▶ **WHAT TO PRODUCE**
Look through the material below. Return exactly the lines from the one with "Lemma star_iso_sym (A" through the one with "Variables (R : realType)", both included.
════
(* Let $(\mathcal A,\jmath)_K$ be a $\mathrm{C}^*$-net bundle over a pathwise connected poset $K$ and fix $o\in K$. The set of states of $(\mathcal A,\jmath)_K$ is in one-to-one correspondence with the set of $\pi_1^o(K)$-invariant states of the holonomy dynamical system $(\mathcal A_o,\pi_1^o(K),\jmath_* )$.
   Context: Poset homotopy: $0$-simplices are elements of $K$; an $n$-simplex $x$ ($n\ge1$) consists of $(n-1)$-simplices $\partial_0x,\dots,\partial_nx$ and a support $|x|\in K$ with $|\partial_ix|\le|x|$. Paths are concatenations $b_n*\cdots*b_1$ with $\partial_0b_i=\partial_1b_{i+1}$; homotopy is generated by replacing consecutive $\partial_0c*\partial_2c$ by $\partial_1c$ or conversely; $\pi_1^o(K)$ is the group of homotopy classes of loops at $o$. A $\mathrm{C}^*$-net bundle: unital $\mathrm{C}^*$-algebras $\mathcal A_a$ and ${}^*$-isomorphisms $\jmath_{ea}:\mathcal A_a\to\mathcal A_e$ ($a\le e$) with $\jmath_{ea}\circ\jmath_{ad}=\jmath_{ed}$; $\jmath_{ae}:=\jmath_{ea}^{-1}$. Holonomy: $\jmath_b:=\jmath_{\partial_0b\,|b|}\circ\jmath_{|b|\,\partial_1b}$ for a $1$-simplex $b$, $\jmath_p:=\jmath_{b_n}\circ\cdots\circ\jmath_{b_1}$ for a path; $\jmath_p$ is homotopy invariant and $\jmath_{*,[p]}:=\jmath_p$ defines an action of $\pi_1^o(K)$ on $\mathcal A_o$. A state of the net bundle is a family of states $\omega_a$ of $\mathcal A_a$ with $\omega_a=\omega_e\circ\jmath_{ea}$ for $a\le e$; an invariant state of the dynamical system is a state $\varphi$ of $\mathcal A_o$ with $\varphi\circ\jmath_{*,[p]}=\varphi$ for all $[p]$. *)

From HB Require Import structures.
From mathcomp Require Import all_boot all_order all_algebra.
From mathcomp Require Import reals.
From mathcomp Require Import complex.
Set Implicit Arguments. Unset Strict Implicit. Unset Printing Implicit Defensive.
Import Order.TTheory GRing.Theory Num.Theory.
Local Open Scope ring_scope.

Record CStarAlgebra (R : realType) := {
  cs_alg :> algType R[i];
  cs_star : cs_alg -> cs_alg;
  cs_norm : cs_alg -> R;
  cs_starD : forall x y, cs_star (x + y) = cs_star x + cs_star y;
  cs_starZ : forall (c : R[i]) x, cs_star (c *: x) = (Num.conj c) *: cs_star x;
  cs_starM : forall x y, cs_star (x * y) = cs_star y * cs_star x;
  cs_starK : forall x, cs_star (cs_star x) = x;
  cs_norm_ge0 : forall x, 0 <= cs_norm x;
  cs_norm_eq0 : forall x, cs_norm x = 0 -> x = 0;
  cs_normD : forall x y, cs_norm (x + y) <= cs_norm x + cs_norm y;
  cs_normZ : forall (c : R[i]) x, ((cs_norm (c *: x))%:C)%C = `|c| * ((cs_norm x)%:C)%C;
  cs_normM : forall x y, cs_norm (x * y) <= cs_norm x * cs_norm y;
  cs_normC : forall x, cs_norm (cs_star x * x) = cs_norm x ^+ 2;
  cs_complete : forall u : nat -> cs_alg,
    (forall eps : R, 0 < eps -> exists N, forall m n, (N <= m)%N -> (N <= n)%N ->
        cs_norm (u m - u n) < eps) ->
    exists l, forall eps : R, 0 < eps -> exists N, forall n, (N <= n)%N ->
        cs_norm (u n - l) < eps
}.

Definition is_state (R : realType) (A : CStarAlgebra R) (phi : A -> R[i]) : Prop :=
  (forall (c : R[i]) (x y : A), phi (c *: x + y) = c * phi x + phi y) /\
  (forall x : A, 0 <= phi (cs_star x * x)) /\
  phi 1 = 1.

Definition is_star_iso (R : realType) (A B : CStarAlgebra R)
    (f : A -> B) (g : B -> A) : Prop :=
  [/\ (forall (c : R[i]) (x y : A), f (c *: x + y) = c *: f x + f y),
      (forall x y : A, f (x * y) = f x * f y),
      f 1 = 1,
      (forall x : A, f (cs_star x) = cs_star (f x))
    & (cancel f g /\ cancel g f)].

Section Poset.
Context {disp : Order.disp_t} {K : porderType disp}.

Record simplex1 := Simplex1 {
  bd0 : K; bd1 : K; supp1 : K;
  bd0_le : (bd0 <= supp1)%O;
  bd1_le : (bd1 <= supp1)%O }.

(* A path b_n * ... * b_1 from a to e is the list [:: b_1; ...; b_n] with
   bd1 b_1 = a, bd0 b_i = bd1 b_(i+1), bd0 b_n = e; the empty list is the
   trivial path at a (a = e). *)
Fixpoint is_path (a e : K) (p : seq simplex1) : Prop :=
  match p with
  | [::] => a = e
  | b :: q => bd1 b = a /\ is_path (bd0 b) e q
  end.

Definition pathwise_connected : Prop :=
  forall a e : K, exists p, is_path a e p.

End Poset.
Arguments simplex1 {disp} K.

Record netBundle (R : realType) {disp : Order.disp_t} (K : porderType disp) := {
  nb_alg : K -> CStarAlgebra R;
  (* jmath_{ea} : A_a -> A_e for a <= e, with its inverse jmath_{ae} *)
  nb_j : forall a e : K, (a <= e)%O -> nb_alg a -> nb_alg e;
  nb_jinv : forall a e : K, (a <= e)%O -> nb_alg e -> nb_alg a;
  nb_iso : forall a e (h : (a <= e)%O), is_star_iso (nb_j h) (nb_jinv h);
  nb_comp : forall a d e (had : (d <= a)%O) (hae : (a <= e)%O) (hde : (d <= e)%O),
      forall x, nb_j hae (nb_j had x) = nb_j hde x
}.

Arguments nb_alg {R disp K} n _.
Arguments nb_j {R disp K} n {a e} _ _.
Arguments nb_jinv {R disp K} n {a e} _ _.

Section Holonomy.
Context (R : realType) {disp : Order.disp_t} {K : porderType disp}
        (N : netBundle R K).
Local Notation A := (nb_alg N).

Definition hol1 (b : simplex1 K) : A (bd1 b) -> A (bd0 b) :=
  fun x => nb_jinv N (bd0_le b) (nb_j N (bd1_le b) x).

(* hol_rel a e p x y : p is a path from a to e and y = jmath_p x. *)
Inductive hol_rel : forall a e : K, seq (simplex1 K) -> A a -> A e -> Prop :=
| hol_nil (a : K) (x : A a) : @hol_rel a a [::] x x
| hol_cons (b : simplex1 K) (e : K) (p : seq (simplex1 K)) (x : A (bd1 b)) (y : A e) :
    @hol_rel (bd0 b) e p (@hol1 b x) y -> @hol_rel (bd1 b) e (b :: p) x y.

Definition is_bundle_state (om : forall a : K, A a -> R[i]) : Prop :=
  (forall a, is_state (om a)) /\
  (forall a e (h : (a <= e)%O) (x : A a), om a x = om e (nb_j N h x)).

(* pi_1^o(K)-invariant states of the holonomy dynamical system on A_o:
   phi o jmath_p = phi for every loop p at o. *)
Definition is_invariant_state (o : K) (phi : A o -> R[i]) : Prop :=
  is_state phi /\
  (forall (p : seq (simplex1 K)) (x y : A o), hol_rel p x y -> phi y = phi x).

End Holonomy.

Arguments pathwise_connected {disp} K.
Arguments is_bundle_state {R disp K} N om.
Arguments is_invariant_state {R disp K} N o phi.

From Pilot Require Import Defs.
From HB Require Import structures.
From mathcomp Require Import all_boot all_order all_algebra.
From mathcomp Require Import reals complex.
From Stdlib Require Import ClassicalEpsilon.
Import Order.TTheory GRing.Theory Num.Theory.
Set Implicit Arguments. Unset Strict Implicit. Unset Printing Implicit Defensive.
Local Open Scope ring_scope.

(* A state of the bundle is forced to be invariant under every holonomy map,
   because each inclusion map [j_ea] preserves it; in particular its restriction
   to [A_o] is invariant, and by path connectedness it is determined by that
   restriction. Conversely, an invariant state [phi] of [A_o] extends by
   [om_a x := phi (j_p x)] for any path [p] from [a] to [o]: two such paths differ
   by a loop at [o], so the value does not depend on [p], and [j_p] is a
   *-isomorphism, so [om_a] is a state. Compatibility with [j_ea] follows by
   prolonging the path from [a] by the 1-simplex with support [e]. *)

Section StarIso.
Variable R : realType.

Lemma star_iso_sym (A B : CStarAlgebra R) (f : A -> B) (g : B -> A) :
  is_star_iso f g -> is_star_iso g f.
Proof.
case=> fD fM f1 fS [fK gK]; split=> //.
- by move=> c x y; apply: (can_inj fK); rewrite fD !gK.
- by move=> x y; apply: (can_inj fK); rewrite fM !gK.
- by apply: (can_inj fK); rewrite f1 gK.
- by move=> x; apply: (can_inj fK); rewrite fS !gK.
Qed.

Lemma star_iso_comp (A B C : CStarAlgebra R)
    (f : A -> B) (g : B -> A) (f' : B -> C) (g' : C -> B) :
  is_star_iso f g -> is_star_iso f' g' -> is_star_iso (f' \o f) (g \o g').
Proof.
case=> fD fM f1 fS [fK gK] [f'D f'M f'1 f'S [f'K g'K]]; split=> /=.
- by move=> c x y; rewrite fD f'D.
- by move=> x y; rewrite fM f'M.
- by rewrite f1 f'1.
- by move=> x; rewrite fS f'S.
- by split; apply: can_comp.
Qed.

End StarIso.

Section Holonomy.
Variables (R : realType) (disp : Order.disp_t) (K : porderType disp)
          (N : netBundle R K).
Local Notation A := (nb_alg N).
Local Notation hol1 b := (@hol1 R disp K N b).
Local Notation hol_rel := (@hol_rel R disp K N _ _).

Definition rev_simplex (b : simplex1 K) : simplex1 K :=
  Simplex1 (bd1_le b) (bd0_le b).

Definition simplex_of_le (a e : K) (h : (a <= e)%O) : simplex1 K :=
  Simplex1 h (lexx e).

Lemma hol1_star_iso b : is_star_iso (hol1 b) (hol1 (rev_simplex b)).
Proof.
exact: star_iso_comp (nb_iso N (bd1_le b)) (star_iso_sym (nb_iso N (bd0_le b))).
Qed.

Lemma hol1_simplex_of_le a e (h : (a <= e)%O) (x : A a) :
  hol1 (simplex_of_le h) (nb_j N h x) = x.
Proof.
have [_ _ _ _ [jK _]] := nb_iso N h.
by rewrite /Defs.hol1 /= (nb_comp h (lexx e) h) jK.
Qed.

(* Inversion for [hol_rel] at arbitrary indices; the casts vanish because
   equality proofs on the eqType [K] are unique. *)
Lemma hol_rel_inv a e p (x : A a) (y : A e) : hol_rel p x y ->
  match p with
  | [::] => forall ae : a = e, y = eq_rect a A x e ae
  | b :: q => forall ab : a = bd1 b, hol_rel q (hol1 b (eq_rect a A x (bd1 b) ab)) y
  end.
Proof. by case=> [a' x' | b e' q x' y' hq] eq_a; rewrite (eq_irrelevance eq_a erefl). Qed.

Lemma hol_rel_exists a e p : is_path a e p -> forall x : A a, exists y : A e, hol_rel p x y.
Proof.
elim: p a => [|b p IHp] a /=; first by move=> -> x; exists x; apply: hol_nil.
case=> <- hp x; have [y hy] := IHp _ hp (hol1 b x).
by exists y; apply: hol_cons.
Qed.

Lemma hol_rel_cat a e f p q (x : A a) (y : A e) (z : A f) :
  hol_rel p x y -> hol_rel q y z -> hol_rel (p ++ q) x z.
Proof. by elim=> // b e' p' x' y' _ IHp hq; apply/hol_cons/IHp. Qed.

Lemma hol_rel_rev a e p (x : A a) (y : A e) :
  hol_rel p x y -> hol_rel (rev (map rev_simplex p)) y x.
Proof.
elim=> [a' x' | b e' p' x' y' _ IHp]; first exact: hol_nil.
rewrite map_cons rev_cons -cats1; apply: (hol_rel_cat IHp).
apply: (hol_cons (b := rev_simplex b)).
by have [_ _ _ _ [hK _]] := hol1_star_iso b; rewrite hK; apply: hol_nil.
Qed.

Lemma hol_rel_map2 (F : forall a, A a -> A a -> A a) :
    (forall b x x', hol1 b (F _ x x') = F _ (hol1 b x) (hol1 b x')) ->
  forall a e p (x x' : A a) (y y' : A e),
    hol_rel p x y -> hol_rel p x' y' -> hol_rel p (F a x x') (F e y y').
Proof.
move=> F_hol a e p x x' y y' hxy; elim: hxy x' y' => [a0 x0 | b e0 p0 x0 y0 _ IHp] x' y' hxy'.
  by rewrite (hol_rel_inv hxy' erefl); apply: hol_nil.
by apply: hol_cons; rewrite F_hol; apply: IHp (hol_rel_inv hxy' erefl).
Qed.

Lemma hol_rel_lin c a e p (x x' : A a) (y y' : A e) :
  hol_rel p x y -> hol_rel p x' y' -> hol_rel p (c *: x + x') (c *: y + y').
Proof.
apply: (hol_rel_map2 (F := fun _ u v => c *: u + v)) => b u v.
by have [hD _ _ _ _] := hol1_star_iso b; rewrite hD.
Qed.

Lemma hol_rel_star_mul a e p (x : A a) (y : A e) :
  hol_rel p x y -> hol_rel p (cs_star x * x) (cs_star y * y).
Proof.
move=> hxy; have hol_mul b u v : hol1 b (u * v) = hol1 b u * hol1 b v.
  by have [_ hM _ _ _] := hol1_star_iso b; rewrite hM.
have hol_star b u (_ : A (bd1 b)) : hol1 b (cs_star u) = cs_star (hol1 b u).
  by have [_ _ _ hS _] := hol1_star_iso b; rewrite hS.
apply: (hol_rel_map2 (F := fun _ u v => u * v) hol_mul _ hxy).
exact: (hol_rel_map2 (F := fun _ u _ => cs_star u) hol_star hxy hxy).
Qed.

Lemma hol_rel_one a e p (x : A a) (y : A e) : hol_rel p x y -> hol_rel p (1 : A a) (1 : A e).
Proof.
move=> hxy; have hol_one b (_ _ : A (bd1 b)) : hol1 b 1 = 1.
  by have [_ _ h1 _ _] := hol1_star_iso b; rewrite h1.
exact: (hol_rel_map2 (F := fun _ _ _ => 1) hol_one hxy hxy).
Qed.

Lemma bundle_state_hol om : is_bundle_state N om ->
  forall a e p (x : A a) (y : A e), hol_rel p x y -> om e y = om a x.
Proof.
case=> _ om_j a e p x y; elim=> // b e' p' x' y' _ ->.
have [_ _ _ _ [_ jK]] := nb_iso N (bd0_le b).
by rewrite /Defs.hol1 (om_j _ _ (bd0_le b)) jK -om_j.
Qed.

Lemma bundle_state_invariant o om :
  is_bundle_state N om -> is_invariant_state N o (om o).
Proof. by move=> om_state; split; [case: om_state | move=> p x y /(bundle_state_hol om_state)]. Qed.

Section Connected.
Hypothesis Kconn : pathwise_connected K.

Lemma hol_rel_to (o a : K) (x : A a) : exists y : A o, exists p, hol_rel p x y.
Proof.
have [p hp] := Kconn a o; have [y hy] := hol_rel_exists hp x.
by exists y, p.
Qed.

Lemma bundle_state_unique o om om' :
    is_bundle_state N om -> is_bundle_state N om' ->
  (forall x, om o x = om' o x) -> forall a x, om a x = om' a x.
Proof.
move=> om_state om'_state eq_o a x; have [y [p hxy]] := hol_rel_to o x.
by rewrite -(bundle_state_hol om_state hxy) -(bundle_state_hol om'_state hxy).
Qed.

Variables (o : K) (phi : A o -> R[i]).
Hypothesis phi_inv : is_invariant_state N o phi.

Lemma invariant_state_hol_eq a p q (x : A a) (y y' : A o) :
  hol_rel p x y -> hol_rel q x y' -> phi y = phi y'.
Proof.
move=> hxy hxy'; have [_ phi_hol] := phi_inv.
exact: phi_hol (hol_rel_cat (hol_rel_rev hxy') hxy).
Qed.

Definition extend_state a (x : A a) : R[i] :=
  phi (proj1_sig (constructive_indefinite_description _ (hol_rel_to o x))).

Lemma extend_stateE a p (x : A a) (y : A o) : hol_rel p x y -> extend_state x = phi y.
Proof.
move=> hxy; rewrite /extend_state.
by case: constructive_indefinite_description => y0 [p0 hxy0] /=; apply: invariant_state_hol_eq hxy0 hxy.
Qed.

Lemma extend_state_at x : extend_state x = phi x.
Proof. exact: extend_stateE (hol_nil x). Qed.

Lemma extend_state_is_state a : is_state (@extend_state a).
Proof.
have [[phi_lin [phi_pos phi1]] _] := phi_inv.
have [p hp] := Kconn a o; have transport := hol_rel_exists hp.
split; [|split].
- move=> c x x'; have [y hxy] := transport x; have [y' hxy'] := transport x'.
  by rewrite (extend_stateE (hol_rel_lin c hxy hxy')) phi_lin (extend_stateE hxy) (extend_stateE hxy').
- move=> x; have [y hxy] := transport x.
  by rewrite (extend_stateE (hol_rel_star_mul hxy)); apply: phi_pos.
- have [y hxy] := transport 1.
  by rewrite (extend_stateE (hol_rel_one hxy)); apply: phi1.
Qed.

Lemma extend_state_compat a e (h : (a <= e)%O) (x : A a) :
  extend_state x = extend_state (nb_j N h x).
Proof.
have [y [p hxy]] := hol_rel_to o x.
rewrite (extend_stateE hxy); symmetry; apply: (extend_stateE (p := simplex_of_le h :: p)).
by apply: (hol_cons (b := simplex_of_le h)); rewrite hol1_simplex_of_le.
Qed.

Lemma extend_state_is_bundle_state : is_bundle_state N extend_state.
Proof. by split; [apply: extend_state_is_state | apply: extend_state_compat]. Qed.

End Connected.
End Holonomy.

Theorem lemma4p1 (R : realType) (disp : Order.disp_t) (K : porderType disp)
    (N : netBundle R K) (o : K) (Kconn : pathwise_connected K) :
  (forall om : forall a : K, nb_alg N a -> R[i],
      is_bundle_state N om -> is_invariant_state N o (om o)) /\
  (forall phi : nb_alg N o -> R[i],
      is_invariant_state N o phi ->
      exists om : forall a : K, nb_alg N a -> R[i],
        is_bundle_state N om /\ forall x, om o x = phi x) /\
  (forall om om' : forall a : K, nb_alg N a -> R[i],
      is_bundle_state N om -> is_bundle_state N om' ->
      (forall x, om o x = om' o x) -> forall a x, om a x = om' a x).
Proof.
split; first by move=> om; apply: bundle_state_invariant.
split; last exact: (@bundle_state_unique _ _ _ N Kconn o).
move=> phi phi_inv; exists (extend_state Kconn phi).
split; [exact: extend_state_is_bundle_state | exact: extend_state_at].
Qed.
════
▶ **EXERCISE RESULT**
Lemma star_iso_sym (A B : CStarAlgebra R) (f : A -> B) (g : B -> A) :
  is_star_iso f g -> is_star_iso g f.
Proof.
case=> fD fM f1 fS [fK gK]; split=> //.
- by move=> c x y; apply: (can_inj fK); rewrite fD !gK.
- by move=> x y; apply: (can_inj fK); rewrite fM !gK.
- by apply: (can_inj fK); rewrite f1 gK.
- by move=> x; apply: (can_inj fK); rewrite fS !gK.
Qed.

Lemma star_iso_comp (A B C : CStarAlgebra R)
    (f : A -> B) (g : B -> A) (f' : B -> C) (g' : C -> B) :
  is_star_iso f g -> is_star_iso f' g' -> is_star_iso (f' \o f) (g \o g').
Proof.
case=> fD fM f1 fS [fK gK] [f'D f'M f'1 f'S [f'K g'K]]; split=> /=.
- by move=> c x y; rewrite fD f'D.
- by move=> x y; rewrite fM f'M.
- by rewrite f1 f'1.
- by move=> x; rewrite fS f'S.
- by split; apply: can_comp.
Qed.

End StarIso.

Section Holonomy.
Variables (R : realType) (disp : Order.disp_t) (K : porderType disp)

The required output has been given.